Start of RECORDS FOR THE TASK

(* Let $q$ be a prime power, $m\ge1$, $1\le k\le n$, $g_1,\dots,g_n\in\mathbb{F}_{q^m}$ linearly independent over $\mathbb{F}_q$, $\mathbf g=(g_1,\dots,g_n)$, $C$ the Gabidulin code defined below, $\mathbf r\in\mathbb{F}_{q^m}^n$, and $t:=\min\{d_R(\mathbf c,\mathbf r):\mathbf c\in C\}$. Let $B=\{b^{(1)},b^{(2)}\}$ be a minimal basis of the interpolation module $\mathfrak M(\mathbf r)$ with respect to the $(0,k-1)$-weighted term-over-position order with $\mathrm{lpos}(b^{(i)})=i$ ($i=1,2$), write $b^{(i)}=[b^{(i)}_1\ \ b^{(i)}_2]$, and let $\ell_i$ be the $(0,k-1)$-weighted $q$-degree of $b^{(i)}$. Then $\ell_2\le t+k-1$, or equivalently $\mathrm{qdeg}(b^{(2)}_2)\le t$. Furthermore, $\ell_1=\mathrm{qdeg}(b^{(1)}_1)\ge n-t$.
   Context: Write $[i]:=q^i$. A $q$-linearized polynomial is $f(x)=\sum_{i=0}^{d}a_ix^{[i]}$, $a_i\in\mathbb{F}_{q^m}$; if $a_d\ne0$, $d=\mathrm{qdeg}(f)$ ($\mathrm{qdeg}(0)=-\infty$). $\mathcal{L}_q(x,q^m)$ is the ring of these under addition and composition $\circ$. $\Pi_{\mathbf g}(x)=\prod_{u\in\langle g_1,\dots,g_n\rangle}(x-u)$ ($\mathbb{F}_q$-span), of $q$-degree $n$. $\Lambda_{\mathbf g,\mathbf r}(x)=\sum_{i=1}^n(-1)^{n-i}r_i\det(\mathfrak D_i(\mathbf g,x))/\det(M_n(g_1,\dots,g_n))$ ($M_n(v_1,\dots,v_s)$ the $n\times s$ matrix with $(j,l)$ entry $v_l^{[j-1]}$; $\mathfrak D_i(\mathbf g,x)$ is $M_n(g_1,\dots,g_n,x)$ without column $i$), with $\Lambda_{\mathbf g,\mathbf r}(g_i)=r_i$. $C=\{(m(g_1),\dots,m(g_n)):m\in\mathcal{L}_q(x,q^m),\ \mathrm{qdeg}(m)<k\}$. $d_R(\mathbf a,\mathbf b)$ is the $\mathbb{F}_q$-rank of the $m\times n$ $\mathbb{F}_q$-matrix obtained by expanding the coordinates of $\mathbf a-\mathbf b$ in a fixed $\mathbb{F}_q$-basis of $\mathbb{F}_{q^m}$. $\mathfrak M(\mathbf r)$ is the set of all $\beta\circ[\Pi_{\mathbf g}\ \ 0]+\gamma\circ[-\Lambda_{\mathbf g,\mathbf r}\ \ x]$, $\beta,\gamma\in\mathcal{L}_q(x,q^m)$, with $h\circ[f_1\ f_2]=[h\circ f_1\ \ h\circ f_2]$. Monomials: $x^{[i]}e_j$, $j\in\{1,2\}$. $(0,k-1)$-weighted term-over-position order: $w_1=0,w_2=k-1$, $x^{[i_1]}e_{j_1}<x^{[i_2]}e_{j_2}$ iff $i_1+w_{j_1}<i_2+w_{j_2}$ or (equality and $j_1<j_2$). $\mathrm{lm},\mathrm{lt},\mathrm{lpos}$: greatest monomial, its term, its coordinate. Weighted $q$-degree of $[f_1\ f_2]$: $\max\{\mathrm{qdeg} f_1,\mathrm{qdeg} f_2+k-1\}$. Basis: generating set with $\sum a_i\circ f^{(i)}=0\Rightarrow a_i=0$. $f$ reduces modulo a set $F$ of nonzero elements in one step if $h=f-\sum_i(b_ix^{[a_i]})\circ f^{(i)}$, $f^{(i)}\in F$, $b_i\in\mathbb{F}_{q^m}$, $a_i\ge0$, with $\mathrm{lm}(f)=x^{[a_i]}\circ\mathrm{lm}(f^{(i)})$ and $\mathrm{lt}(f)=\sum_i(b_ix^{[a_i]})\circ\mathrm{lt}(f^{(i)})$; a basis $B$ is minimal if no $b\in B$ can be reduced modulo $B\setminus\{b\}$. *)

From HB Require Import structures.
From mathcomp Require Import all_boot all_order all_algebra all_field.
Set Implicit Arguments. Unset Strict Implicit. Unset Printing Implicit Defensive.
Import Order.TTheory GRing.Theory.
Local Open Scope ring_scope.

(* Setting: F = F_q (a finite field, q := #|F|), L = F_{q^m} an extension of
   F of degree m := \dim {:L}.  A q-linearized polynomial is an element of
   {poly L} of the form sum_i a_i X^(q^i); composition is comp_poly. *)

Section Gab.
Variables (F : finFieldType) (L : fieldExtType F).

Definition qq : nat := #|F|.

Definition xq (i : nat) : {poly L} := 'X^(qq ^ i).

Definition linearized (f : {poly L}) : Prop :=
  forall i : nat, f`_i != 0 -> exists j : nat, i = (qq ^ j)%N.

(* q-degree of a nonzero linearized polynomial: size f = q^d + 1.
   (The value at f = 0, i.e. -oo, is never used without a guard.) *)
Definition qdeg (f : {poly L}) : nat := trunc_log qq (size f).-1.

Definition lpair := ({poly L} * {poly L})%type.
Definition p0 : lpair := (0, 0).
Definition padd (u v : lpair) : lpair := (u.1 + v.1, u.2 + v.2).
Definition pcomp (h : {poly L}) (u : lpair) : lpair := (h \Po u.1, h \Po u.2).
Definition psum (s : seq lpair) : lpair := foldr padd p0 s.

Variable k : nat.

Definition wt (j : nat) : nat := if j == 2%N then (k - 1)%N else 0%N.
Lemma ord10_cases (j : 'I_10) : exists2 k, (k < 5)%N & j = vert k \/ j = overt k.
Proof.
exists j./2; first by rewrite ltn_half_double.
have lt_half : (j./2 < 5)%N by rewrite ltn_half_double.
have := odd_double_half j.
case: (odd j) => /= j_eq; [right | left]; apply: val_inj => /=.
  by rewrite overtE // -{1}j_eq add1n.
by rewrite vertE // -{1}j_eq add0n.
Qed.

Section VertexArrows.
Variables (K : comNzRingType) (b : 'I_10 -> ps K).

Lemma xmat_vert k : (k < 5)%N -> xmat b (vert k) = xo (b (vert k)).
Proof. by move=> lt_k5; rewrite /xmat vertE // odd_double. Qed.

Lemma ymat_vert k : (k < 5)%N -> ymat b (vert k) = yo (b (vert k)).
Proof. by move=> lt_k5; rewrite /ymat vertE // odd_double. Qed.

Lemma xmat_overt k : (k < 5)%N -> xmat b (overt k) = xe (b (overt k)).
Proof. by move=> lt_k5; rewrite /xmat overtE //= odd_double. Qed.

Lemma ymat_overt k : (k < 5)%N -> ymat b (overt k) = ye (b (overt k)).
Proof. by move=> lt_k5; rewrite /ymat overtE //= odd_double. Qed.

End VertexArrows.

Definition Bconst (K : nzRingType) (beta : K) (k : nat) : K :=
  match k with 0 => beta | 1 => 1 | 2 => -1 | 3 => - beta - 1 | _ => 1 end.

Lemma Mbeta_sums (K : comNzRingType) (beta : K) (b : 'I_10 -> ps K) :
  is_Mbeta_tuple beta b -> forall k, (k < 5)%N -> Bsum b k.*2 = psC (Bconst beta k).
Proof. by case=> B0 B1 B2 B3 B4 [|[|[|[|[|k]]]]] // _; apply: ps_ext. Qed.
Lemma primitive_drop_rcons_nseq0 (x : seq nat) m t :
  ~ primitive (rcons x 0) -> m != 0 -> 0 < t <= size x ->
  primitive (drop t (rcons x m) ++ nseq t 0).
Proof.
move=> nprim_x0 m_neq0 /andP[t_gt0 le_tx] w_power.
set n := (size x).+1; set w := drop t (rcons x m) ++ nseq t 0 in w_power.
have size_x0 : size (rcons x 0) = n by rewrite size_rcons.
have size_w : size w = n by rewrite size_cat size_drop size_nseq size_rcons; lia.
have size_dw : size (drop t (rcons x m)) = n - t by rewrite size_drop size_rcons.
have x0_gt0 : 0 < size (rcons x 0) by rewrite size_x0.
have w_gt0 : 0 < size w by rewrite size_w.
have [d /and3P[d_gt0 lt_dn dvd_dn] x0_periodic] := nonprimitive_period nprim_x0 x0_gt0.
have [e /and3P[e_gt0 lt_en dvd_en] w_periodic] :=
  nonprimitive_period (fun prim_w => prim_w w_power) w_gt0.
rewrite size_x0 in lt_dn dvd_dn x0_periodic; rewrite size_w in lt_en dvd_en w_periodic.
pose X i := nth 0 (rcons x 0) (i %% n).
pose c i := nth 0 w ((i + n - t) %% n).
have c_suffix i : t <= i < n -> c i = nth 0 (rcons x m) i.
  move=> /andP[le_ti lt_in]; rewrite /c; have -> : i + n - t = i - t + n by lia.
  rewrite modnDr modn_small ?nth_cat ?size_dw ?ifT ?nth_drop ?subnKC //; lia.
apply: (@periodic_perturbation_absurd n d e t X c) => //.
- by move=> i; rewrite /c (_ : i + e + n - t = i + n - t + e) ?w_periodic //; lia.
- move=> i lt_it; rewrite /c modn_small ?nth_cat ?size_dw; last by lia.
  by rewrite ifF ?nth_nseq; [case: ifP | lia].
- move=> i le_ti lt_in; rewrite c_suffix ?le_ti /X ?modn_small ?nth_rcons; try lia.
  by rewrite !ifT //; lia.
- by rewrite c_suffix ?nth_rcons /n /= ?ltnn ?eqxx //; lia.
- by rewrite /X modn_small ?nth_rcons /n /= ?ltnn ?eqxx.
Qed.
Fixpoint form_code (phi : form n) : GenTree.tree 'I_n :=
  match phi with
  | FVar i => GenTree.Leaf i
  | FBot => GenTree.Node 0 nil
  | FAnd a b => GenTree.Node 1 (form_code a :: form_code b :: nil)
  | FOr a b => GenTree.Node 2 (form_code a :: form_code b :: nil)
  | FImp a b => GenTree.Node 3 (form_code a :: form_code b :: nil)
  end.

Fixpoint form_decode (t : GenTree.tree 'I_n) : form n :=
  match t with
  | GenTree.Leaf i => FVar i
  | GenTree.Node 1 (a :: b :: nil) => FAnd (form_decode a) (form_decode b)
  | GenTree.Node 2 (a :: b :: nil) => FOr (form_decode a) (form_decode b)
  | GenTree.Node 3 (a :: b :: nil) => FImp (form_decode a) (form_decode b)
  | _ => FBot
  end.

Lemma form_codeK : cancel form_code form_decode.
Proof. by elim=> //= a -> b ->. Qed.

Definition nth_form (k : nat) : form n := odflt FBot (omap form_decode (unpickle k)).

Lemma nth_form_surj phi : exists k, nth_form k = phi.
Proof. by exists (pickle (form_code phi)); rewrite /nth_form pickleK /= form_codeK. Qed.

Section Lindenbaum.
Variables (G : form n -> Prop) (b : form n).
Hypothesis G_nb : ~ derivable G b.

Fixpoint lind_stage (k : nat) : form n -> Prop :=
  match k with
  | 0 => G
  | k.+1 => if excluded_middle_informative (derivable (add_hyp (lind_stage k) (nth_form k)) b)
            then lind_stage k else add_hyp (lind_stage k) (nth_form k)
  end.

Lemma lind_stage_mono i j a : i <= j -> lind_stage i a -> lind_stage j a.
Proof.
elim: j => [|j IHj]; first by rewrite leqn0 => /eqP ->.
rewrite leq_eqVlt ltnS => /orP [/eqP -> //|/IHj Hj /Hj] /=.
by destruct (excluded_middle_informative _) => //; left.
Qed.

Lemma lind_stage_nb k : ~ derivable (lind_stage k) b.
Proof. by elim: k => [|k IHk] //=; destruct (excluded_middle_informative _). Qed.

Definition lind_limit : form n -> Prop := fun a => exists k, lind_stage k a.

Lemma lind_limit_compact a : derivable lind_limit a -> exists k, derivable (lind_stage k) a.
Proof.
elim=> {a} [a [k Hk]|a Ha|a c _ [k1 H1] _ [k2 H2]].
- by exists k; apply: der_hyp.
- by exists 0; apply: der_prov.
- exists (maxn k1 k2); apply: der_mp.
  + by apply: derivable_sub H1 => d; apply: lind_stage_mono; rewrite leq_maxl.
  + by apply: derivable_sub H2 => d; apply: lind_stage_mono; rewrite leq_maxr.
Qed.

Lemma lind_limit_nb : ~ derivable lind_limit b.
Proof. by case/lind_limit_compact=> k; apply: lind_stage_nb. Qed.

Lemma lind_limit_reject a : ~ lind_limit a -> derivable lind_limit (FImp a b).
Proof.
move=> Ha; have [k Ek] := nth_form_surj a.
have : ~ lind_stage k.+1 a by move=> Hk; apply: Ha; exists k.+1.
rewrite /= Ek; destruct (excluded_middle_informative _) as [Hder|nHder]; last by case; right.
move=> _.
apply: deduction; apply: derivable_sub Hder => c [Hc|->]; [by left; exists k|by right].
Qed.

Lemma lind_limit_closed a : derivable lind_limit a -> lind_limit a.
Proof.
move=> Ha; apply: NNPP => nHa; apply: lind_limit_nb.
exact: der_mp (lind_limit_reject nHa) Ha.
Qed.

Lemma lind_limit_prime : prime_filter lind_limit.
Proof.
split; [|split; [|split; [|split]]].
- exact/lind_limit_closed/der_prov/ax_efq.
- move=> a c Ha Hac; apply: lind_limit_closed.
  exact: der_mp (der_prov _ Hac) (der_hyp Ha).
- move=> a c Ha Hc; apply: lind_limit_closed.
  exact: der_mp (der_mp (der_prov _ (ax_andI a c)) (der_hyp Ha)) (der_hyp Hc).
- by move=> Hbot; apply: lind_limit_nb; apply: der_mp (der_prov _ (ax_efq b)) (der_hyp Hbot).
- move=> a c Hac; apply: NNPP => nHac; apply: lind_limit_nb.
  have nHa : ~ lind_limit a by move=> ?; apply: nHac; left.
  have nHc : ~ lind_limit c by move=> ?; apply: nHac; right.
  apply: der_mp (der_hyp Hac).
  apply: der_mp (lind_limit_reject nHc); apply: der_mp (lind_limit_reject nHa).
  exact/der_prov/ax_orE.
Qed.

End Lindenbaum.

Lemma lindenbaum G b : ~ derivable G b ->
  exists F, prime_filter F /\ (forall a, G a -> F a) /\ ~ F b.
Proof.
move=> G_nb; exists (lind_limit G b); split; first exact: lind_limit_prime.
split; first by move=> a Ga; exists 0.
by move=> Fb; apply: (lind_limit_nb G_nb); apply: der_hyp.
Qed.

End Derivations.

Section TruthLemma.
Variable n : nat.

Definition Ufilter (u : U n) : form n -> Prop := proj1_sig (proj1_sig u).

Lemma Ufilter_prime (u : U n) : prime_filter (Ufilter u).
Proof. exact: proj2_sig (proj1_sig u). Qed.

Lemma Ufilter_inj : injective Ufilter.
Proof. by move=> u v /proj1_sig_inj /proj1_sig_inj. Qed.

Lemma U_extend (u : U n) F : prime_filter F -> (forall a, Ufilter u a -> F a) ->
  exists v : U n, le u v /\ Ufilter v = F.
Proof.
move=> pF uF; pose x : canonical_model n := exist _ F pF.
have x_fin : finite_set (fun y : canonical_model n => le x y).
  have [l Hl] := proj2_sig u.
  by exists l => y le_xy; apply: Hl => a /uF /le_xy.
by exists (exist _ x x_fin).
Qed.

Lemma force_U (u : U n) phi : force u phi <-> Ufilter u phi.
Proof.
elim: phi u => [i||a IHa b IHb|a IHa b IHb|a IHa b IHb] u /=.
- by [].
- by split=> //; case: (Ufilter_prime u) => _ [_ [_ []]].
- have [_ [F_prov [F_and _]]] := Ufilter_prime u.
  rewrite IHa IHb; split; first by case; apply: F_and.
  by move=> Hab; split; [apply: F_prov Hab (ax_andE1 _ _) | apply: F_prov Hab (ax_andE2 _ _)].
- have [_ [F_prov [_ [_ F_or]]]] := Ufilter_prime u.
  rewrite IHa IHb; split; last exact: F_or.
  by case=> H; [apply: F_prov H (ax_orI1 _ _) | apply: F_prov H (ax_orI2 _ _)].
- split=> [Hab|Hab v le_uv /IHa Ha]; last first.
    by apply/IHb; apply: prime_filter_mp (Ufilter_prime v) Ha (le_uv _ Hab).
  apply: NNPP => nHab.
  have nder : ~ derivable (add_hyp (Ufilter u) a) b.
    by move=> /deduction /(prime_filter_derivable (Ufilter_prime u)).
  have [F [pF [uaF nFb]]] := lindenbaum nder.
  have [v [le_uv Fv]] := U_extend pF (fun c uc => uaF c (or_introl uc)).
  apply: nFb; rewrite -Fv; apply/IHb/(Hab v le_uv)/IHa.
  by rewrite Fv; apply: uaF; right.
Qed.

Lemma theory_U (u : U n) : theory u = Ufilter u.
Proof.
by apply: functional_extensionality => phi; apply: propositional_extensionality; apply: force_U.
Qed.

End TruthLemma.

Section RankedModels.
Variable n : nat.

Definition rank_function (N : model n) (m : N -> nat) : Prop :=
  forall x y : N, le x y -> y <> x -> m y < m x.

Lemma rank_maximal (N : model n) (m : N -> nat) (Q : N -> Prop) (x : N) :
  rank_function m -> Q x ->
  exists z, le x z /\ Q z /\ forall z', le z z' -> z' <> z -> ~ Q z'.
Proof.
move=> m_rank Qx.
suff : forall k z, m z < k -> le x z -> Q z ->
    exists z0, le x z0 /\ Q z0 /\ forall z', le z0 z' -> z' <> z0 -> ~ Q z'.
  by apply; [exact: ltnSn | exact: le_refl | exact: Qx].
elim=> [//|k IHk] z mz le_xz Qz.
case: (classic (exists z', le z z' /\ z' <> z /\ Q z')) => [[z' [le_zz' [z'_z Qz']]]|none].
- apply: (IHk z') => //; last exact: le_trans le_xz le_zz'.
  by have := m_rank _ _ le_zz' z'_z; lia.
- by exists z; split=> //; split=> // z' le_zz' z'_z Qz'; apply: none; exists z'.
Qed.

End of RECORDS FOR THE TASK

• **GOAL OF THE EXERCISE**
Would you please write out, exactly and with no other lines, the stretch of the listing above from the line containing "have size_x0 : size" through the line containing "have w_gt0 : 0 < size w by rewrite size_w."?

• **WRITTEN SOLUTION**
have size_x0 : size (rcons x 0) = n by rewrite size_rcons.
have size_w : size w = n by rewrite size_cat size_drop size_nseq size_rcons; lia.
have size_dw : size (drop t (rcons x m)) = n - t by rewrite size_drop size_rcons.
have x0_gt0 : 0 < size (rcons x 0) by rewrite size_x0.
have w_gt0 : 0 < size w by rewrite size_w.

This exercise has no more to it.